Problem to solve = Show each line of the entries below in which the word "From" appears.

*** Opening of Data ***

(* Let $K$ be an infinite field, $n\ge 2$, and let $p(x_1,\dots,x_m)\in K\langle x_1,\dots,x_m\rangle$ be a multilinear polynomial which, evaluated on $M_n(K)$, is neither a polynomial identity nor a central polynomial. Then $\operatorname{Im} p$ contains a matrix of the form $c_n e_{n,1}+\sum_{i=1}^{n-1}c_i e_{i,i+1}$ with $c_1,\dots,c_n\neq 0$. Consequently, when $\operatorname{char}K$ is $0$ or prime to $n$, $\operatorname{Im} p$ contains a matrix whose eigenvalues (in an algebraic closure of $K$) are $c,c\varepsilon,\dots,c\varepsilon^{n-1}$ for some $c\neq 0$, where $\varepsilon$ is a primitive $n$-th root of $1$.
   Context: $K\langle x_1,\dots,x_m\rangle$ is the free associative algebra (noncommutative polynomials). A polynomial is multilinear if it has the form $\sum_{\sigma\in S_m}c_\sigma x_{\sigma(1)}\cdots x_{\sigma(m)}$ with $c_\sigma\in K$. For an algebra $R$, $\operatorname{Im} p=\{p(a_1,\dots,a_m): a_i\in R\}$. $p$ is a polynomial identity (PI) of $R$ if $\operatorname{Im} p=\{0\}$, and a central polynomial if $\operatorname{Im} p$ is contained in the center of $R$ (the scalar matrices for $R=M_n(K)$) but $p$ is not a PI. $e_{i,j}$ denote the matrix units. *)

From HB Require Import structures.
From mathcomp Require Import all_boot all_order all_algebra all_fingroup.
Set Implicit Arguments. Unset Strict Implicit. Unset Printing Implicit Defensive.
Import GRing.Theory.
Local Open Scope ring_scope.

Definition infinite_field (K : fieldType) : Prop :=
  forall s : seq K, exists x : K, x \notin s.

(* A multilinear polynomial in x_1..x_m is given by its coefficients
   c_sigma, sigma in S_m:  p = \sum_sigma c_sigma x_{sigma 1} ... x_{sigma m}. *)
Definition mlin_eval (K : fieldType) (n m : nat) (c : {perm 'I_m} -> K)
  (a : 'I_m -> 'M[K]_n) : 'M[K]_n :=
  \sum_(s : {perm 'I_m}) c s *: \prod_(i < m) a (s i).

Definition mlin_PI (K : fieldType) (n m : nat) (c : {perm 'I_m} -> K) : Prop :=
  forall a : 'I_m -> 'M[K]_n, mlin_eval c a = 0.

Definition mlin_central (K : fieldType) (n m : nat) (c : {perm 'I_m} -> K) : Prop :=
  (forall a : 'I_m -> 'M[K]_n, is_scalar_mx (mlin_eval c a)) /\ ~ mlin_PI n c.

(* The matrix c_n e_{n,1} + \sum_{i<n} c_i e_{i,i+1} (0-indexed: entry (i, i+1 mod n) is c i). *)
Definition cyc_mx (K : fieldType) (n : nat) (c : 'I_n -> K) : 'M[K]_n :=
  \matrix_(i, j) (if val j == ((val i).+1 %% n)%N then c i else 0).

From HB Require Import structures.
From mathcomp Require Import all_boot all_order all_algebra all_fingroup all_field.
From mathcomp Require Import cyclic.
From Stdlib Require Import Classical.
Set Implicit Arguments. Unset Strict Implicit. Unset Printing Implicit Defensive.
Import GRing.Theory.
Local Open Scope ring_scope.

(* By multilinearity it suffices to look at evaluations on matrix units.  A
   nonzero entry (x, y) of p(e_{r_1 t_1}, ..., e_{r_m t_m}) forces
   h y - h x = \sum_i (h t_i - h r_i) for every map h of the indices into an
   abelian group.  As p is neither a PI nor central, some such evaluation has a
   nonzero off-diagonal entry (x0, y0).  Relabel the indices so that x0, y0
   become 0, 1 in Z/n: then every cyclic shift of the substitution, chosen
   independently for each variable, has total displacement 1, so its value is
   supported on the cyclic superdiagonal, and the constant shift by k carries
   the original nonzero entry to (k, k+1).  Substituting
   x_i := \sum_k T^(k n^i) (shift by k of e_{r_i t_i}), each entry (x, x+1)
   becomes a polynomial in T whose monomials are indexed injectively by the
   shift assignments (base-n digits); it is nonzero, and as K is infinite some
   T makes all n of them nonzero.  Finally, a diagonal conjugation turns
   c_n e_{n,1} + \sum c_i e_{i,i+1} into the companion matrix of
   X^n - c_1 ... c_n, whose roots are c, c e, ..., c e^(n-1). *)

Section MultilinearEval.

Variables (K : fieldType) (n m : nat) (c : {perm 'I_m} -> K).

Lemma eq_mlin_eval (a b : 'I_m -> 'M[K]_n.+1) : a =1 b -> mlin_eval c a = mlin_eval c b.
Proof.
move=> eq_ab; apply: eq_bigr => s _; congr (_ *: _).
by apply: eq_bigr => i _; rewrite eq_ab.
Qed.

*** Close of Data ***

Exercise solution =
From HB Require Import structures.
From mathcomp Require Import all_boot all_order all_algebra all_fingroup.
From HB Require Import structures.
From mathcomp Require Import all_boot all_order all_algebra all_fingroup all_field.
From mathcomp Require Import cyclic.
From Stdlib Require Import Classical.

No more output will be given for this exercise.